ASSIGNMENT: Your response should consist solely of the records, written out exactly.

EXCERPTED RECORDS:
(* Let $R$ be a unital commutative Hausdorff topological $\mathbb Q$-algebra with dense group of units which is locally $k_\omega$, and let $E,F\in\mathrm{TopSMod}^{lko}_R$. Let $U\subset E_\infty$ be DeWitt-open and let $f:U\to F^\infty$ be even and Tuynman-$\mathcal C^2$. Then $f_R=f|_{U_R}:U_R\to F$ is $\mathcal C^1$ over $R$, and there exists a DeWitt-continuous extension $f^{(1)}:U\times E^\infty\to F^\infty$ of $df_R$ such that for every $x\in U$ the map $f^{(1)}(x)=f^{(1)}(x,\cdot)$ is even and $\lambda^\infty$-linear and $$f(x+a)-f(x)=f^{(1)}(x)(a)\quad\text{for all }x\in U,\ p\ge1,\ a\in\underline E(\lambda^\infty\theta_p).$$
   Context: $\lambda^n=R[\theta_1,\dots,\theta_n]$, $\lambda^\infty=R[\theta_i:i\in\mathbb N]$ Grassmann algebras on odd generators ($\lambda^n=\bigoplus_IR\theta_I$ product topology, $\lambda^\infty$ direct limit topology); $\varepsilon:\lambda\to R$ kills all $\theta_i$, $\lambda^+=\ker\varepsilon$. For a Hausdorff graded topological $R$-module $E=E_0\oplus E_1$: $E\otimes\lambda^N=\prod_{|I|\le N}E\theta_I$ (product topology), $E^\infty=E\otimes\lambda^\infty=\varinjlim_NE\otimes\lambda^N$ in Top, $E_\infty=(E\otimes\lambda^\infty)_0$, $\underline E(\lambda^\infty\theta_p)=(E\otimes\lambda^\infty\theta_p)_0$. $\mathrm{TopSMod}^{lko}_R$: such $E$ that are locally $k_\omega$ (Hausdorff, every point has an open neighbourhood which is a topological direct limit of an increasing sequence of compact subsets). DeWitt topology on $E^\infty$ (resp. $E_\infty$): coarsest topology making $\mathrm{id}\otimes\varepsilon$ to $E$ (resp. $E_0$) continuous. A map $g:V\to F^\infty$ with $V\subset E_\infty$ is even if $g(V)\subset F_\infty$. $\mathcal C^1$ over $R$ is in the Bertram–Glöckner–Neeb sense ($g(x+tv)-g(x)=t\,g^{[1]}(x,v,t)$ with $g^{[1]}$ continuous on $\{(x,v,t):x,x+tv\in V,t\in R\}$; $dg(x)v=g^{[1]}(x,v,0)$). Tuynman-$\mathcal C^k$: a subset $V\subset E^\infty$ is nilsaturated if $x+n\in V$ for all $x\in V$, $n\in N_V=\langle V\rangle_R\cap(E\otimes\lambda^{\infty+})$ ($\langle V\rangle_R$ the $R$-linear span); then $V=V_R+N_V$ with $V_R=V\cap E$ (DeWitt-open subsets of $E_\infty$ are nilsaturated). A map $g:V\to F^\infty$ is grounded if $g(V_R)\subset F$. For nilsaturated $V$, $V^{[1]}=\{(x,v,t)\in V\times E^\infty\times\lambda^\infty:x+vt\in V\}$ is nilsaturated in $E^\infty\times E^\infty\times\lambda^\infty=(E\times E\times R)\otimes\lambda^\infty$. A grounded, DeWitt-continuous $g:V\to F^\infty$ is Tuynman-$\mathcal C^1$ if there is a grounded, DeWitt-continuous $g^{[1]}:V^{[1]}\to F^\infty$ with $g(x+vt)-g(x)=g^{[1]}(x,v,t)\cdot t$ for all $(x,v,t)\in V^{[1]}$; it is Tuynman-$\mathcal C^{k+1}$ if in addition $g^{[1]}$ is Tuynman-$\mathcal C^k$. *)

From HB Require Import structures.
From mathcomp Require Import all_boot all_order all_algebra finmap.
From mathcomp Require Import all_classical all_reals topology.

Set Implicit Arguments.
Unset Strict Implicit.
Unset Printing Implicit Defensive.

Import GRing.Theory.
Local Open Scope classical_set_scope.
Local Open Scope ring_scope.


(** * Topological algebraic carriers (no continuity axioms: these are
      stated separately as predicates) *)
HB.structure Definition TopNmod := {M of GRing.Nmodule M & Topological M}.
HB.structure Definition TopZmod := {M of GRing.Zmodule M & Topological M}.
HB.structure Definition TopLmod (R : pzRingType) :=
  {M of GRing.Lmodule R M & Topological M}.
HB.structure Definition TopComUnitRing :=
  {R of GRing.ComUnitRing R & Topological R}.
HB.saturate prod.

ANSWER BOX:
(* Let $R$ be a unital commutative Hausdorff topological $\mathbb Q$-algebra with dense group of units which is locally $k_\omega$, and let $E,F\in\mathrm{TopSMod}^{lko}_R$. Let $U\subset E_\infty$ be DeWitt-open and let $f:U\to F^\infty$ be even and Tuynman-$\mathcal C^2$. Then $f_R=f|_{U_R}:U_R\to F$ is $\mathcal C^1$ over $R$, and there exists a DeWitt-continuous extension $f^{(1)}:U\times E^\infty\to F^\infty$ of $df_R$ such that for every $x\in U$ the map $f^{(1)}(x)=f^{(1)}(x,\cdot)$ is even and $\lambda^\infty$-linear and $$f(x+a)-f(x)=f^{(1)}(x)(a)\quad\text{for all }x\in U,\ p\ge1,\ a\in\underline E(\lambda^\infty\theta_p).$$
   Context: $\lambda^n=R[\theta_1,\dots,\theta_n]$, $\lambda^\infty=R[\theta_i:i\in\mathbb N]$ Grassmann algebras on odd generators ($\lambda^n=\bigoplus_IR\theta_I$ product topology, $\lambda^\infty$ direct limit topology); $\varepsilon:\lambda\to R$ kills all $\theta_i$, $\lambda^+=\ker\varepsilon$. For a Hausdorff graded topological $R$-module $E=E_0\oplus E_1$: $E\otimes\lambda^N=\prod_{|I|\le N}E\theta_I$ (product topology), $E^\infty=E\otimes\lambda^\infty=\varinjlim_NE\otimes\lambda^N$ in Top, $E_\infty=(E\otimes\lambda^\infty)_0$, $\underline E(\lambda^\infty\theta_p)=(E\otimes\lambda^\infty\theta_p)_0$. $\mathrm{TopSMod}^{lko}_R$: such $E$ that are locally $k_\omega$ (Hausdorff, every point has an open neighbourhood which is a topological direct limit of an increasing sequence of compact subsets). DeWitt topology on $E^\infty$ (resp. $E_\infty$): coarsest topology making $\mathrm{id}\otimes\varepsilon$ to $E$ (resp. $E_0$) continuous. A map $g:V\to F^\infty$ with $V\subset E_\infty$ is even if $g(V)\subset F_\infty$. $\mathcal C^1$ over $R$ is in the Bertram–Glöckner–Neeb sense ($g(x+tv)-g(x)=t\,g^{[1]}(x,v,t)$ with $g^{[1]}$ continuous on $\{(x,v,t):x,x+tv\in V,t\in R\}$; $dg(x)v=g^{[1]}(x,v,0)$). Tuynman-$\mathcal C^k$: a subset $V\subset E^\infty$ is nilsaturated if $x+n\in V$ for all $x\in V$, $n\in N_V=\langle V\rangle_R\cap(E\otimes\lambda^{\infty+})$ ($\langle V\rangle_R$ the $R$-linear span); then $V=V_R+N_V$ with $V_R=V\cap E$ (DeWitt-open subsets of $E_\infty$ are nilsaturated). A map $g:V\to F^\infty$ is grounded if $g(V_R)\subset F$. For nilsaturated $V$, $V^{[1]}=\{(x,v,t)\in V\times E^\infty\times\lambda^\infty:x+vt\in V\}$ is nilsaturated in $E^\infty\times E^\infty\times\lambda^\infty=(E\times E\times R)\otimes\lambda^\infty$. A grounded, DeWitt-continuous $g:V\to F^\infty$ is Tuynman-$\mathcal C^1$ if there is a grounded, DeWitt-continuous $g^{[1]}:V^{[1]}\to F^\infty$ with $g(x+vt)-g(x)=g^{[1]}(x,v,t)\cdot t$ for all $(x,v,t)\in V^{[1]}$; it is Tuynman-$\mathcal C^{k+1}$ if in addition $g^{[1]}$ is Tuynman-$\mathcal C^k$. *)

From HB Require Import structures.
From mathcomp Require Import all_boot all_order all_algebra finmap.
From mathcomp Require Import all_classical all_reals topology.

Set Implicit Arguments.
Unset Strict Implicit.
Unset Printing Implicit Defensive.

Import GRing.Theory.
Local Open Scope classical_set_scope.
Local Open Scope ring_scope.


(** * Topological algebraic carriers (no continuity axioms: these are
      stated separately as predicates) *)
HB.structure Definition TopNmod := {M of GRing.Nmodule M & Topological M}.
HB.structure Definition TopZmod := {M of GRing.Zmodule M & Topological M}.
HB.structure Definition TopLmod (R : pzRingType) :=
  {M of GRing.Lmodule R M & Topological M}.
HB.structure Definition TopComUnitRing :=
  {R of GRing.ComUnitRing R & Topological R}.
HB.saturate prod.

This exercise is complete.